In the State of Chihuahua, Pascual Orozco, Jr., who had been Madero’s chief lieutenant in the anti-Diaz movement, headed a formidable insurrection against his former chief, and although he was defeated in the regular engagements, his forces broke up into small groups which gave infinite trouble to the government by their harassing guerilla tactics in a mountainous country.
In the State of Durango petty leaders or cabecillas, who had supported Madero, now turned their arms against him, asserting that the promises of the revolution of 1910 had remained unfulfilled.
To mention all the sporadic disorders in other states, in nearly every case started by former supporters of Señor Madero, would be an interminable task. Suffice it to say that, when Señor Madero ceased to represent the idea of rebellion, and came, as President, to represent the ideas of authority, law, and order, he found arrayed against him the very forces which he had brought into existence to combat and overthrow General Diaz. He found that he had his own revolution on his hands! Never was retribution more swift or striking.

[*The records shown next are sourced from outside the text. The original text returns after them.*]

(* Let $n$ be even with $v_2(n)$ odd. Then $D_{S(n)^*}=C_{S(n)^*}=2$.
   Context: For a natural number $n$, $\mathbb Z_n=\mathbb Z/n\mathbb Z$, $S(n)=\{x^2:x\in\mathbb Z_n\}$, $S(n)^*=S(n)\setminus\{0\}$. For $A\subseteq\mathbb Z_n$, a sequence $(y_1,\dots,y_t)$ ($t\ge1$) in $\mathbb Z_n$ is an $A$-weighted zero-sum sequence if there exist $a_1,\dots,a_t\in A$ with $\sum a_iy_i=0$; a sequence has an $A$-weighted zero-sum subsequence if some nonempty subsequence is an $A$-weighted zero-sum sequence. $D_A(n)$ is the least positive integer $t$ such that every sequence of length $t$ in $\mathbb Z_n$ has an $A$-weighted zero-sum subsequence; $C_A(n)$ is the least positive integer $t$ such that every sequence of length $t$ in $\mathbb Z_n$ has an $A$-weighted zero-sum subsequence consisting of consecutive terms. $D_{S(n)^*}=D_{S(n)^*}(n)$, $C_{S(n)^*}=C_{S(n)^*}(n)$. $v_2(n)$ is the exponent of $2$ in $n$. *)

(* Z_n is modelled as 'Z_n; the main theorem's hypotheses
   (n even, v_2(n) odd) force n >= 2, so 'Z_n is genuinely Z/nZ. *)
From mathcomp Require Import all_boot all_order all_algebra.
Set Implicit Arguments. Unset Strict Implicit. Unset Printing Implicit Defensive.
Import GRing.Theory.
Local Open Scope ring_scope.

Definition Ssq (n : nat) : {set 'Z_n} := [set x * x | x : 'Z_n].
Definition Sstar (n : nat) : {set 'Z_n} := Ssq n :\ 0.

Definition wzs (n : nat) (A : {set 'Z_n}) (y : seq 'Z_n) : Prop :=
  (0 < size y)%N /\
  exists a : seq 'Z_n, size a = size y /\ all (fun x => x \in A) a /\
    \sum_(i < size y) a`_i * y`_i = 0.

Definition has_wzs_sub (n : nat) (A : {set 'Z_n}) (y : seq 'Z_n) : Prop :=
  exists z, subseq z y /\ wzs A z.

Definition has_wzs_cons (n : nat) (A : {set 'Z_n}) (y : seq 'Z_n) : Prop :=
  exists z, infix z y /\ wzs A z.

Definition least_pos_len (n : nat) (P : seq 'Z_n -> Prop) (t : nat) : Prop :=
  (0 < t)%N /\ (forall y : seq 'Z_n, size y = t -> P y) /\
  (forall t', (0 < t' < t)%N -> ~ (forall y : seq 'Z_n, size y = t' -> P y)).

Definition D_is (n : nat) (A : {set 'Z_n}) (t : nat) : Prop :=
  least_pos_len (has_wzs_sub A) t.
Definition C_is (n : nat) (A : {set 'Z_n}) (t : nat) : Prop :=
  least_pos_len (has_wzs_cons A) t.

From mathcomp Require Import all_boot all_order all_algebra.
From mathcomp Require Import zify.
Import GRing.Theory.

Set Implicit Arguments.
Unset Strict Implicit.
Unset Printing Implicit Defensive.

(* Write n = 2h.  Since n is even, h * x in Z_n is 0 for even x and h for odd x;
   hence h kills x, or y, or x + y, and a length-two sequence always has a
   consecutive zero-sum subsequence with the single weight h.  The weight h is
   admissible when v_2(n) = 2j + 1 is odd: with n = 2^(2j+1) m, m odd, one has
   (2^j m)^2 = h m = h + n (m - 1)/2.  Finally the one-term sequence [1] has no
   weighted zero-sum subsequence, as that would need the weight 0. *)

Lemma least_pos_len2 (n : nat) (P : seq 'Z_n -> Prop) :
  (forall y, size y = 2 -> P y) -> (exists y, size y = 1 /\ ~ P y) ->
  least_pos_len P 2.
Proof.
move=> P2 [y1 [y1_1 not_Py1]]; split=> //; split=> // t' /andP[t'_gt0 t'_lt2].
have -> : t' = 1 by lia.
by move=> P1; apply: not_Py1; apply: P1.
Qed.

Lemma has_wzs_cons_sub (n : nat) (A : {set 'Z_n}) (y : seq 'Z_n) :
  has_wzs_cons A y -> has_wzs_sub A y.
Proof. by case=> z [/infixW z_y wz]; exists z. Qed.

Section WeightedZeroSum.
Local Open Scope ring_scope.
Variables (n : nat) (A : {set 'Z_n}).

Lemma wzs_const_weight (a : 'Z_n) (y : seq 'Z_n) :
  a \in A -> (0 < size y)%N -> a * \sum_(x <- y) x = 0 -> wzs A y.
Proof.
move=> aA y_gt0 a_y; split=> //; exists (nseq (size y) a); rewrite size_nseq.
split=> //; split; first by apply/allP=> x /nseqP[->].
rewrite (big_nth 0) big_mkord mulr_sumr in a_y; rewrite -[RHS]a_y.
by apply: eq_bigr => i _; rewrite nth_nseq ltn_ord.
Qed.

Lemma has_wzs_cons_size2 (a : 'Z_n) : a \in A ->
  (forall x y, a * x != 0 -> a * y != 0 -> a * (x + y) = 0) ->
  forall y, size y = 2 -> has_wzs_cons A y.
Proof.
move=> aA a_sum [|x [|y []]] // _.
have wzs1 z : a * z = 0 -> wzs A [:: z].
  by move=> az; apply: (wzs_const_weight aA); rewrite ?big_seq1.
have [ax | ax] := eqVneq (a * x) 0.
  by exists [:: x]; rewrite (prefix_infix [:: x] [:: y]); split=> //; apply: wzs1.
have [ay | ay] := eqVneq (a * y) 0.
  by exists [:: y]; rewrite (suffix_infix [:: x] [:: y]); split=> //; apply: wzs1.
exists [:: x; y]; rewrite infix_refl; split=> //.
by apply: (wzs_const_weight aA); rewrite // big_cons big_seq1 a_sum.
Qed.

Lemma one_not_has_wzs_sub : 0 \notin A -> ~ has_wzs_sub A [:: 1].
Proof.
move=> A'0 [z [z_sub [z_gt0 [a [a_size [aA a_z]]]]]].
have z1 : z = [:: 1].
  by apply/eqP; rewrite -(size_subseq_leqif z_sub).2 eqn_leq size_subseq.
subst z; case: a a_size aA a_z => [|b []] //= _.
by rewrite andbT big_ord1 /= mulr1 => bA b0; rewrite -b0 bA in A'0.
Qed.

End WeightedZeroSum.

Section HalfModulus.
Local Open Scope ring_scope.
Variable n : nat.
Hypotheses (n_gt1 : (1 < n)%N) (n_even : ~~ odd n).
Let h := n./2.

Lemma half_double : n = (h * 2)%N.
Proof. by rewrite muln2 even_halfK. Qed.

Lemma mul_half_Zp (x : 'Z_n) : h%:R * x = if odd (val x) then h%:R else 0.
Proof.
have hx : (h * val x = h * odd (val x) + n * (val x)./2)%N.
  by have := odd_double_half (val x); have := half_double; rewrite -muln2; nia.
rewrite -[X in _ * X]natr_Zp -natrM hx.
by rewrite natrD !natrM pchar_Zp // mul0r addr0; case: odd; rewrite ?mulr1 ?mulr0.
Qed.

Lemma mul_half_add_eq0 (x y : 'Z_n) :
  h%:R * x != 0 -> h%:R * y != 0 -> h%:R * (x + y) = 0.
Proof.
rewrite mulrDr !mul_half_Zp; case: odd; case: odd; rewrite ?eqxx // => _ _.
by rewrite -natrD addnn -muln2 -half_double pchar_Zp.
Qed.

Lemma half_neq0 : h%:R != 0 :> 'Z_n.
Proof.
have := half_double; rewrite -val_eqE /= val_Zp_nat // modn_small; lia.
Qed.

Lemma half_is_square : odd (logn 2 n) -> h%:R \in Ssq n.
Proof.
move=> odd_log; have n_gt0 : (0 < n)%N by lia.
have [m] := pfactor_coprime (isT : prime 2) n_gt0; rewrite coprime2n => m_odd n_def.
have {odd_log} [j log_n] : exists j, logn 2 n = j.*2.+1.
  by exists (logn 2 n)./2; rewrite -[in LHS](odd_double_half (logn 2 n)) odd_log.
have m_def := odd_double_half m; rewrite m_odd -muln2 in m_def.
have sq_def : (2 ^ j * m * (2 ^ j * m) = h + n * m./2)%N.
  move: n_def half_double m_def; rewrite log_n expnS -muln2 expnM.
  move: (2 ^ j)%N (m./2) => p q; rewrite /h; nia.
apply/imsetP; exists (2 ^ j * m)%:R => //.
by rewrite -natrM sq_def natrD natrM pchar_Zp // mul0r addr0.
Qed.

End HalfModulus.

Theorem mainTheorem6 (n : nat) :
  ~~ odd n -> odd (logn 2 n) ->
  D_is (Sstar n) 2 /\ C_is (Sstar n) 2.
Proof.
move=> n_even odd_log.
have n_gt1 : (1 < n)%N.
  by case: n n_even odd_log => [|[|]] //; rewrite logn0.
have half_S : ((n./2)%:R : 'Z_n)%R \in Sstar n.
  by rewrite !inE half_neq0 // half_is_square.
have cons2 := has_wzs_cons_size2 half_S (mul_half_add_eq0 n_gt1 n_even).
have no_wzs1 : exists y : seq 'Z_n, size y = 1 /\ ~ has_wzs_sub (Sstar n) y.
  by exists [:: 1%R]; split=> //; apply: one_not_has_wzs_sub; rewrite !inE eqxx.
split; apply: least_pos_len2.
- by move=> y /cons2 /has_wzs_cons_sub.
- exact: no_wzs1.
- exact: cons2.
- by case: no_wzs1 => y [y_1 not_sub]; exists y; split=> // /has_wzs_cons_sub.
Qed.
Lemma part2_asymptotic (m : nat -> nat) (P : nat -> nat -> R) (epsn : nat -> R) :
  ri_sequence m P -> condA m P -> eventually_bounded (fun n => VarY n (m n) (P n)) ->
  (forall n, 0 < epsn n) -> tends_to epsn R0 ->
  tends_to (fun n => INR n * probY_gt n (m n) (P n) (epsn n * sqrt (INR n))) R0 ->
  tends_to (fun n => prob (P n) (fun S : config n (m n) =>
              (clique_number S <= maxn 3 (omega' S + 3))%N)) R1.
Proof.
move=> hseq hA hV eps_gt0 eps_to0 tail_to0 e e_gt0.
have [A0 [N0 hA0]] := second_moment_bounded hseq hA hV.
(* eps_n <= d and n P(Y > eps_n n^(1/2)) < e/2 eventually *)
pose d := Rmin 1 (e / (4 * (A0 ^ 4 + 1))).
have A0_4 : 0 <= A0 ^ 4 by rewrite -[4%N]/(2 * 2)%N pow_mult; apply: pow2_ge_0.
have d_gt0 : 0 < d by apply: Rmin_pos; [lra | apply: Rdiv_lt_0_compat; lra].
have [N1 hN1] := eps_to0 d d_gt0.
have [N2 hN2] := tail_to0 (e / 2) ltac:(lra).
exists (maxn (maxn N0 N1) (maxn N2 1)) => n hn.
have [m_gt0 hAn] := hA0 n ltac:(lia).
have HP := proj2 hseq n.
have n_gt0 : (0 < n)%N by lia.
have bound := part2_estimate HP m_gt0 n_gt0 (eps_gt0 n).
have compl := prob_compl HP (fun S : config n (m n) =>
                 (clique_number S <= maxn 3 (omega' S + 3))%N).
have p0 := prob_ge0 HP (fun S : config n (m n) => ~~ (clique_number S <= maxn 3 (omega' S + 3))%N).
have A_ge0 : 0 <= INR n * INR (m n) * moment (m n) (P n) 2 predT.
  by have := moment_ge0 HP m_gt0 2 predT; nonneg.
have eps_le : epsn n <= d.
  by have := hN1 n ltac:(lia); rewrite Rminus_0_r Rabs_pos_eq; [lra | apply/Rlt_le/eps_gt0].
(* P(bad) <= n P(Y > eps_n n^(1/2)) + (eps_n + eps_n^4) A^4 < e/2 + e/2 *)
have pattern := pattern_term_small e_gt0 (conj A_ge0 hAn) (eps_gt0 n) eps_le.
have tail := Rle_abs (INR n * probY_gt n (m n) (P n) (epsn n * sqrt (INR n))).
have := hN2 n ltac:(lia); rewrite Rminus_0_r => tail_small.
change (Rabs (prob (P n) (fun S : config n (m n) =>
   (clique_number S <= maxn 3 (omega' S + 3))%N) - 1) < e).
rewrite Rabs_left1; lra.
Qed.


Theorem theorem2 :
  (* Part 1: omega(G(n)) = omega'(G(n)) + O_P(1). *)
  (forall (m : nat -> nat) (P : nat -> nat -> R),
     ri_sequence m P ->
     condA m P ->
     eventually_bounded (fun n => VarY n (m n) (P n)) ->
     forall eps : R, (0 < eps) ->
       exists (K N : nat), forall n : nat, (N <= n)%N ->
         (prob (P n) (fun S : config n (m n) =>
            (clique_number S > omega' S + K)%N
            || (omega' S > clique_number S + K)%N) <= eps))
  /\
  (* Part 2: an absolute constant C, valid for every such sequence. *)
  (exists C : nat,
     forall (m : nat -> nat) (P : nat -> nat -> R) (epsn : nat -> R),
       ri_sequence m P ->
       condA m P ->
       eventually_bounded (fun n => VarY n (m n) (P n)) ->
       (forall n, (0 < epsn n)) ->
       tends_to epsn R0 ->
       tends_to (fun n => INR n * probY_gt n (m n) (P n) (epsn n * sqrt (INR n)))
                R0 ->
       tends_to (fun n => prob (P n) (fun S : config n (m n) =>
                   (clique_number S <= maxn C (omega' S + 3))%N)) R1).
Proof.
split; first exact: part1_asymptotic.
by exists 3%N; apply: part2_asymptotic.
Qed.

It must be owned that Señor Madero, as President, started out with a sincere and honest endeavor to govern according to the Constitution. But seldom has a sorrier travesty of democracy been witnessed. Elections were followed by interminable recriminations, and charges and counter-charges of fraud and intimidation; sometimes, too, by the open revolt of the defeated candidates. Governors of states refused to make way for their duly elected successors, and barricading themselves with their followers in the executive mansion, defied the agents of the law to oust them. Other disappointed aspirants to office importuned President Madero, against the clear precepts of the law, to help them set aside electoral results. The Mexicans seem at present to lack that virtue which is the sine qua non in a democracy — the faculty of acquiescing in the will of the majority until the next election gives them another chance of obtaining a reversal of the popular verdict.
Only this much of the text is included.